The case for quality stocks in Europe – Threadneedle’s Davis
High-quality European companies represent excellent value to long-term investors, according to Nick Davis, European equities fund manager at Threadneedle Investments.
The improvement in various European economic indicators is positive – whatever your investment style or even asset class. The size of the eurozone economy and the vulnerability of the global economy to further shocks should make us all grateful for Mr Draghi’s intervention last year.
Investor sentiment has undergone a startling transformation over the past 15 months, from the depths of despair before Draghi’s intervention to the current hopes for an economic recovery. Earlier this summer, I urged investors not to turn their backs on European equities. I am now calling on them not to ignore higher quality companies. In an uncertain world, challenges remain but we continue to argue that high-quality companies represent excellent value to long-term investors.

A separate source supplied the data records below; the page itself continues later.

(* Let $k,\ell$ be non-negative integers with $\ell<2k$. Let $D$ be an orientation of a $(k,\ell)$-sparse loopless multigraph $H=(V,F)$ in which every vertex has indegree at most $k$, and let $u,v\in V$ be distinct with $\varrho_D(u)+\varrho_D(v)=2k-\ell$. Let $S=\{w\in V\setminus\{u,v\}:\varrho_D(w)<k\}$, and let $T$ be the set of vertices of $V$ not reachable by a directed path in $D$ from any vertex of $S$. Then there exists a $(k,\ell)$-component of $H$ containing both $u$ and $v$ if and only if $u,v\in T$; and if such a component exists, it is exactly $T$.
   Context: For $X\subseteq V$, $i_H(X)$ is the number of edges of $H$ with both endpoints in $X$. $H$ is $(k,\ell)$-sparse if $i_H(X)\le\max\{k|X|-\ell,0\}$ for every $X\subseteq V$. A $(k,\ell)$-block of $H$ is a set $X\subseteq V$ with $i_H(X)=\max\{k|X|-\ell,0\}$; a $(k,\ell)$-component is an inclusion-wise maximal $(k,\ell)$-block. $\varrho_D(w)$ is the indegree of $w$ in $D$; every vertex of $S$ is considered reachable from $S$. *)

From mathcomp Require Import all_boot.
Set Implicit Arguments. Unset Strict Implicit. Unset Printing Implicit Defensive.

(* A directed multigraph D on vertex set V with edge set E: edge e goes from
   tl e to hd e.  The underlying undirected multigraph is H; D is an
   orientation of H. *)
Section Graph.
Variables (V E : finType) (tl hd : E -> V).

Definition loopless : Prop := forall e : E, tl e != hd e.

Definition ind (X : {set V}) : nat := #|[set e : E | (tl e \in X) && (hd e \in X)]|.

Definition indeg (w : V) : nat := #|[set e : E | hd e == w]|.

(* truncated nat subtraction: k*|X| - l = max{k|X| - l, 0} *)
Definition sparse (k l : nat) : Prop :=
  forall X : {set V}, ind X <= k * #|X| - l.

Definition block (k l : nat) (X : {set V}) : Prop := ind X = k * #|X| - l.

Definition component (k l : nat) (X : {set V}) : Prop :=
  block k l X /\ forall Y : {set V}, block k l Y -> X \subset Y -> Y = X.

Definition arc : rel V := fun x y => [exists e : E, (tl e == x) && (hd e == y)].

(* vertices reachable by a directed path from some vertex of S
   (connect is reflexive, so every vertex of S is reachable) *)
Definition reachable_from (S : {set V}) (w : V) : bool :=
  [exists s in S, connect arc s w].
End Graph.

(* For a vertex set X containing u and v, i(X) is at most the number of arcs
   with head in X, i.e. the sum of the indegrees over X, which is at most
   rho(u) + rho(v) + k(|X| - 2) = k|X| - l.  Hence such an X is a block iff no
   arc enters X from outside and every w in X other than u, v has indegree k,
   i.e. X avoids S.  A set that no arc enters and that avoids S contains no
   vertex reachable from S, so it lies in T; conversely, if u, v lie in T, then
   T is such a set, hence a block, hence the unique component through u and v. *)

From mathcomp Require Import all_boot zify.
Set Implicit Arguments. Unset Strict Implicit. Unset Printing Implicit Defensive.

Section InClosed.
Variables (V E : finType) (tl hd : E -> V).

Definition in_closed (X : {set V}) : bool :=
  [forall e, (hd e \in X) ==> (tl e \in X)].

Lemma in_closedP (X : {set V}) :
  reflect (forall e, hd e \in X -> tl e \in X) (in_closed X).
Proof. by apply: (iffP forallP) => Xc e; [apply/implyP: (Xc e) | apply/implyP/Xc]. Qed.

Lemma card_hd_in (X : {set V}) :
  #|[set e | hd e \in X]| = \sum_(w in X) indeg hd w.
Proof.
rewrite -sum1_card (partition_big hd [in X]) => [|e]; last by rewrite inE.
apply: eq_bigr => w wX; rewrite /indeg -sum1_card; apply: eq_bigl => e.
by rewrite !inE; case: eqP => [->|]; rewrite ?wX ?andbF.
Qed.

Lemma ind_leqif_sum_indeg (X : {set V}) :
  ind tl hd X <= \sum_(w in X) indeg hd w ?= iff in_closed X.
Proof.
rewrite -card_hd_in.
have /subset_leqif_cards indX : [set e | (tl e \in X) && (hd e \in X)]
                                \subset [set e | hd e \in X].
  by apply/subsetP => e; rewrite !inE => /andP[].
congr (_ <= _ ?= iff _): indX; apply/eqP/in_closedP => [Xeq e hX | Xc].
  have : e \in [set e | hd e \in X] by rewrite inE.
  by rewrite -Xeq inE => /andP[].
by apply/setP => e; rewrite !inE; case hX: (hd e \in X); rewrite ?andbF ?Xc.
Qed.

Lemma in_closed_connect (X : {set V}) x y :
  in_closed X -> connect (arc tl hd) x y -> y \in X -> x \in X.
Proof.
move=> /in_closedP Xc /connectP[p]; elim: p x => [|z p IHp] x /=; first by move=> _ ->.
case/andP=> /existsP[e /andP[/eqP <- /eqP hd_e]] zp yz yX.
by apply: Xc; rewrite hd_e (IHp z).
Qed.

Lemma in_closed_unreachable (S : {set V}) :
  in_closed [set w | ~~ reachable_from tl hd S w].
Proof.
apply/in_closedP => e; rewrite !inE; apply: contraNN => /existsP[s /andP[sS s_tl]].
apply/existsP; exists s; rewrite sS (connect_trans s_tl) // connect1 //.
by apply/existsP; exists e; rewrite !eqxx.
Qed.

End InClosed.

Section BlocksThroughUV.
Variables (V E : finType) (tl hd : E -> V) (k l : nat) (u v : V).
Hypotheses (l_lt_2k : l < 2 * k) (indeg_le : forall w, indeg hd w <= k)
  (u_neq_v : u != v) (indeg_uv : indeg hd u + indeg hd v = 2 * k - l).

Lemma sum_indeg_leqif (X : {set V}) : u \in X -> v \in X ->
  \sum_(w in X) indeg hd w <= k * #|X| - l
    ?= iff [forall w in X :\ u :\ v, indeg hd w == k].
Proof.
move=> uX vX.
have vXu : v \in X :\ u by rewrite !inE eq_sym u_neq_v.
have cardX : #|X| = #|X :\ u :\ v| + 2.
  by rewrite (cardsD1 u X) (cardsD1 v (X :\ u)) uX vXu; lia.
have -> : k * #|X| - l = (2 * k - l) + \sum_(w in X :\ u :\ v) k.
  by rewrite sum_nat_const cardX; lia.
rewrite (big_setD1 u uX) (big_setD1 v vXu) /= addnA indeg_uv.
rewrite -[[forall _ in _, _]]andTb; apply: leqif_add; first exact/leqif_refl.
exact: leqif_sum (fun w _ => leqif_eq (indeg_le w)).
Qed.

Lemma blockE (X : {set V}) : u \in X -> v \in X ->
  block tl hd k l X <->
  in_closed tl hd X /\ {in X :\ u :\ v, forall w, indeg hd w = k}.
Proof.
move=> uX vX; rewrite /block.
have [_ eqE] := leqif_trans (ind_leqif_sum_indeg tl hd X) (sum_indeg_leqif uX vX).
split=> [/eqP | [Xc Xk]].
  by rewrite eqE => /andP[-> /forall_inP Xk]; split=> // w /Xk/eqP.
by apply/eqP; rewrite eqE Xc; apply/forall_inP => w /Xk ->.
Qed.

Definition deficient : {set V} :=
  [set w | (w != u) && (w != v) && (indeg hd w < k)].

Definition unreachable : {set V} :=
  [set w | ~~ reachable_from tl hd deficient w].

Lemma block_sub_unreachable (X : {set V}) :
  u \in X -> v \in X -> block tl hd k l X -> X \subset unreachable.
Proof.
move=> uX vX /(blockE uX vX)[Xc Xk]; apply/subsetP => w wX.
rewrite inE; apply/existsP => -[s /andP[sS s_w]].
have sX := in_closed_connect Xc s_w wX.
by move: sS; rewrite inE => /andP[/andP[su sv]]; rewrite Xk ?ltnn // !inE su sv.
Qed.

Lemma unreachable_block :
  u \in unreachable -> v \in unreachable -> block tl hd k l unreachable.
Proof.
move=> uT vT; apply/(blockE uT vT); split; first exact: in_closed_unreachable.
move=> w; rewrite !inE => /and3P[wv wu /existsP wT].
apply/eqP; rewrite eqn_leq indeg_le leqNgt; apply: contra_notN wT => lt_k.
by exists w; rewrite connect0 !inE wu wv lt_k.
Qed.

End BlocksThroughUV.

Theorem lemma4 (k l : nat) (V E : finType) (tl hd : E -> V) (u v : V) :
  l < 2 * k ->
  loopless tl hd ->
  sparse tl hd k l ->
  (forall w : V, indeg hd w <= k) ->
  u != v ->
  indeg hd u + indeg hd v = 2 * k - l ->
  let Sset := [set w : V | (w != u) && (w != v) && (indeg hd w < k)] in
  let Tset := [set w : V | ~~ reachable_from tl hd Sset w] in
  ((exists C : {set V}, component tl hd k l C /\ u \in C /\ v \in C)
     <-> (u \in Tset /\ v \in Tset)) /\
  (forall C : {set V}, component tl hd k l C -> u \in C -> v \in C -> C = Tset).
Proof.
move=> l_lt_2k _ _ indeg_le u_neq_v indeg_uv Sset Tset.
have subT (C : {set V}) : u \in C -> v \in C -> block tl hd k l C -> C \subset Tset.
  exact: block_sub_unreachable.
have blockT : u \in Tset -> v \in Tset -> block tl hd k l Tset.
  exact: unreachable_block.
split; first split.
- case=> C [[bC _] [uC vC]]; have /subsetP CT := subT C uC vC bC.
  by split; apply: CT.
- case=> uT vT; exists Tset; split=> //; split; first exact: blockT.
  move=> Y bY TY; have /subsetP TY' := TY.
  by apply/eqP; rewrite eqEsubset TY andbT subT ?TY'.
- move=> C [bC maxC] uC vC; have /subsetP CT := subT C uC vC bC.
  by apply/esym/maxC; [apply: blockT; apply: CT | apply: subT].
Qed.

While this remains our core conviction, we acknowledge that it is time to develop more balanced portfolios and to cast our nets wider in the search for exciting ideas.
The combination of an improving European economic outlook, relative valuations that were beginning to look stretched and emerging market concerns have created the perfect storm in which many high-quality global companies have underperformed their more domestically-oriented peers. The real question is what happens next – will the earnings recovery prove sufficient to justify the re-ratings we have seen? We meet many companies who talk of the stabilisation of the European economy rather than a recovery. Certainly, some domestic European share prices are discounting too much of a revival. Picking those businesses that will genuinely benefit from a rebound is a strategy that will reap rewards given that we have been through a phase when there was less differentiation in ratings.
Following the recent third quarter profit warning from Unilever, one analyst told me that this type of company is vulnerable because earnings were well above 2007 levels, while earnings in many other sectors were still below that benchmark. He saw this as a negative factor, but it is the exact reason why we own the stock. The ability to grow earnings year-in, year-out, drives strong, long-term performance. Companies whose earnings are not vulnerable to years of stagnation are exactly the type of businesses we favour.